**What you need to do:** The output should be identical to the entries that follow.

——

Lemma separation_distinguishes (G : Graph) (A B : G -> Prop) (r s : nat -> G) :
  separation A B -> finite_set (fun v => A v /\ B v) -> ray r -> ray s ->
  frequently_in A r -> frequently_in B s -> distinguishes A B r s.
Proof.
  intros Hsep [K [X [HK HX]]] Hr Hs HA HB. split; intros r' Hr' Heq.
  - apply (frequently_in_tail_in G A B) with r; auto. exists K, X; auto.
  - apply (frequently_in_tail_in G B A) with s; auto.
    + apply separation_sym, Hsep.
    + exists K, X. split; auto. intros v [Hb Ha]; auto.
Qed.

Definition diverges (g : nat -> nat) : Prop :=
  forall N, exists K, forall k, K <= k -> N <= g k.

Section Walks.
Variable X : Graph.

Definition lazy_adj (x y : X) : Prop := x = y \/ adj X x y.

Definition lazy_walk (w : nat -> X) : Prop := forall m, lazy_adj (w m) (w (S m)).

Fixpoint lazy_path (x : X) (l : list X) (y : X) : Prop :=
  match l with
  | [] => lazy_adj x y
  | a :: l' => lazy_adj x a /\ lazy_path a l' y
  end.

Lemma lazy_path_snoc x l y z : lazy_path x l y -> lazy_adj y z -> lazy_path x (l ++ [y]) z.
Proof. revert x; induction l; simpl; intuition. Qed.

Lemma reach_lazy_path (S : X -> Prop) x y :
  reach (adj X) S x y -> exists l, lazy_path x l y /\ Forall S l.
Proof.
  induction 1 as [x Hx | x y z Hxy [l [Hl HS]] Hyz Hz].
  - exists []. split; [now left | constructor].
  - exists (l ++ [y]). split.
    + apply lazy_path_snoc; auto. now right.
    + apply Forall_app. split; auto. repeat constructor. apply (reach_ends _ _ _ _ Hxy).
Qed.

(* A walk visiting every vertex finitely often contains a ray: jump each time to the
   last visit of the current vertex. *)
Lemma ray_of_lazy_walk (w : nat -> X) :
  lazy_walk w -> (forall v, exists B, forall m, w m = v -> m < B) ->
  exists t : nat -> nat, (forall k, k <= t k) /\ ray (fun k => w (t k)).
Proof.
  intros Hw Hfin.
  assert (Hlast : forall m, exists l, w l = w m /\ forall m', w m' = w m -> m' <= l).
  { intros m. destruct (Hfin (w m)) as [B HB].
    exact (bounded_pred_has_max (fun k => w k = w m) B m eq_refl HB). }
  destruct (choice _ Hlast) as [last Hl].
  set (t := fun k => Nat.iter k (fun i => last (S i)) (last 0)).
  assert (Ht_max : forall k m', w m' = w (t k) -> m' <= t k).
  { intros [|k] m' E; apply Hl; rewrite E; apply Hl. }
  assert (Ht_succ : forall k, w (t (S k)) = w (S (t k))) by (intros k; apply Hl).
  assert (Ht_lt : forall k, t k < t (S k)) by (intros k; apply Hl; reflexivity).
  assert (Ht_mono : forall i j, i < j -> t i < t j).
  { intros i j Hij. induction Hij as [|j Hij IH]; [apply Ht_lt|].
    specialize (Ht_lt j). lia. }
  exists t. split; [|split].
  - induction k as [|k IH]; [lia|]. specialize (Ht_lt k). lia.
  - intros i j E. cbv beta in E.
    destruct (Nat.lt_total i j) as [Hij | [Hij | Hij]]; auto; exfalso.
    + specialize (Ht_max i (t j) (eq_sym E)). specialize (Ht_mono i j Hij). lia.
    + specialize (Ht_max j (t i) E). specialize (Ht_mono j i Hij). lia.
  - intros k. cbv beta. rewrite Ht_succ. destruct (Hw (t k)) as [E | E]; auto.
    specialize (Ht_max k (S (t k)) (eq_sym E)). lia.
Qed.

Record cursor := Cursor { segment : nat; here : X; ahead : list X }.

(* The walk runs through [c 0], [q 0], [c 1], [q 1], ...; a cursor in segment [n] is on the
   path from [c n] to [c (S n)], which lies in [P (S n)]. *)
Section Concatenation.
Variables (P : nat -> X -> Prop) (c : nat -> X) (q : nat -> list X).
Hypothesis c_in : forall n, P (S n) (c n).
Hypothesis q_path : forall n, lazy_path (c n) (q n) (c (S n)) /\ Forall (P (S n)) (q n).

——

**Response below:**
Lemma separation_distinguishes (G : Graph) (A B : G -> Prop) (r s : nat -> G) :
  separation A B -> finite_set (fun v => A v /\ B v) -> ray r -> ray s ->
  frequently_in A r -> frequently_in B s -> distinguishes A B r s.
Proof.
  intros Hsep [K [X [HK HX]]] Hr Hs HA HB. split; intros r' Hr' Heq.
  - apply (frequently_in_tail_in G A B) with r; auto. exists K, X; auto.
  - apply (frequently_in_tail_in G B A) with s; auto.
    + apply separation_sym, Hsep.
    + exists K, X. split; auto. intros v [Hb Ha]; auto.
Qed.

Definition diverges (g : nat -> nat) : Prop :=
  forall N, exists K, forall k, K <= k -> N <= g k.

Section Walks.
Variable X : Graph.

Definition lazy_adj (x y : X) : Prop := x = y \/ adj X x y.

Definition lazy_walk (w : nat -> X) : Prop := forall m, lazy_adj (w m) (w (S m)).

Fixpoint lazy_path (x : X) (l : list X) (y : X) : Prop :=
  match l with
  | [] => lazy_adj x y
  | a :: l' => lazy_adj x a /\ lazy_path a l' y
  end.

Lemma lazy_path_snoc x l y z : lazy_path x l y -> lazy_adj y z -> lazy_path x (l ++ [y]) z.
Proof. revert x; induction l; simpl; intuition. Qed.

Lemma reach_lazy_path (S : X -> Prop) x y :
  reach (adj X) S x y -> exists l, lazy_path x l y /\ Forall S l.
Proof.
  induction 1 as [x Hx | x y z Hxy [l [Hl HS]] Hyz Hz].
  - exists []. split; [now left | constructor].
  - exists (l ++ [y]). split.
    + apply lazy_path_snoc; auto. now right.
    + apply Forall_app. split; auto. repeat constructor. apply (reach_ends _ _ _ _ Hxy).
Qed.

(* A walk visiting every vertex finitely often contains a ray: jump each time to the
   last visit of the current vertex. *)
Lemma ray_of_lazy_walk (w : nat -> X) :
  lazy_walk w -> (forall v, exists B, forall m, w m = v -> m < B) ->
  exists t : nat -> nat, (forall k, k <= t k) /\ ray (fun k => w (t k)).
Proof.
  intros Hw Hfin.
  assert (Hlast : forall m, exists l, w l = w m /\ forall m', w m' = w m -> m' <= l).
  { intros m. destruct (Hfin (w m)) as [B HB].
    exact (bounded_pred_has_max (fun k => w k = w m) B m eq_refl HB). }
  destruct (choice _ Hlast) as [last Hl].
  set (t := fun k => Nat.iter k (fun i => last (S i)) (last 0)).
  assert (Ht_max : forall k m', w m' = w (t k) -> m' <= t k).
  { intros [|k] m' E; apply Hl; rewrite E; apply Hl. }
  assert (Ht_succ : forall k, w (t (S k)) = w (S (t k))) by (intros k; apply Hl).
  assert (Ht_lt : forall k, t k < t (S k)) by (intros k; apply Hl; reflexivity).
  assert (Ht_mono : forall i j, i < j -> t i < t j).
  { intros i j Hij. induction Hij as [|j Hij IH]; [apply Ht_lt|].
    specialize (Ht_lt j). lia. }
  exists t. split; [|split].
  - induction k as [|k IH]; [lia|]. specialize (Ht_lt k). lia.
  - intros i j E. cbv beta in E.
    destruct (Nat.lt_total i j) as [Hij | [Hij | Hij]]; auto; exfalso.
    + specialize (Ht_max i (t j) (eq_sym E)). specialize (Ht_mono i j Hij). lia.
    + specialize (Ht_max j (t i) E). specialize (Ht_mono j i Hij). lia.
  - intros k. cbv beta. rewrite Ht_succ. destruct (Hw (t k)) as [E | E]; auto.
    specialize (Ht_max k (S (t k)) (eq_sym E)). lia.
Qed.

Record cursor := Cursor { segment : nat; here : X; ahead : list X }.

(* The walk runs through [c 0], [q 0], [c 1], [q 1], ...; a cursor in segment [n] is on the
   path from [c n] to [c (S n)], which lies in [P (S n)]. *)
Section Concatenation.
Variables (P : nat -> X -> Prop) (c : nat -> X) (q : nat -> list X).
Hypothesis c_in : forall n, P (S n) (c n).
Hypothesis q_path : forall n, lazy_path (c n) (q n) (c (S n)) /\ Forall (P (S n)) (q n).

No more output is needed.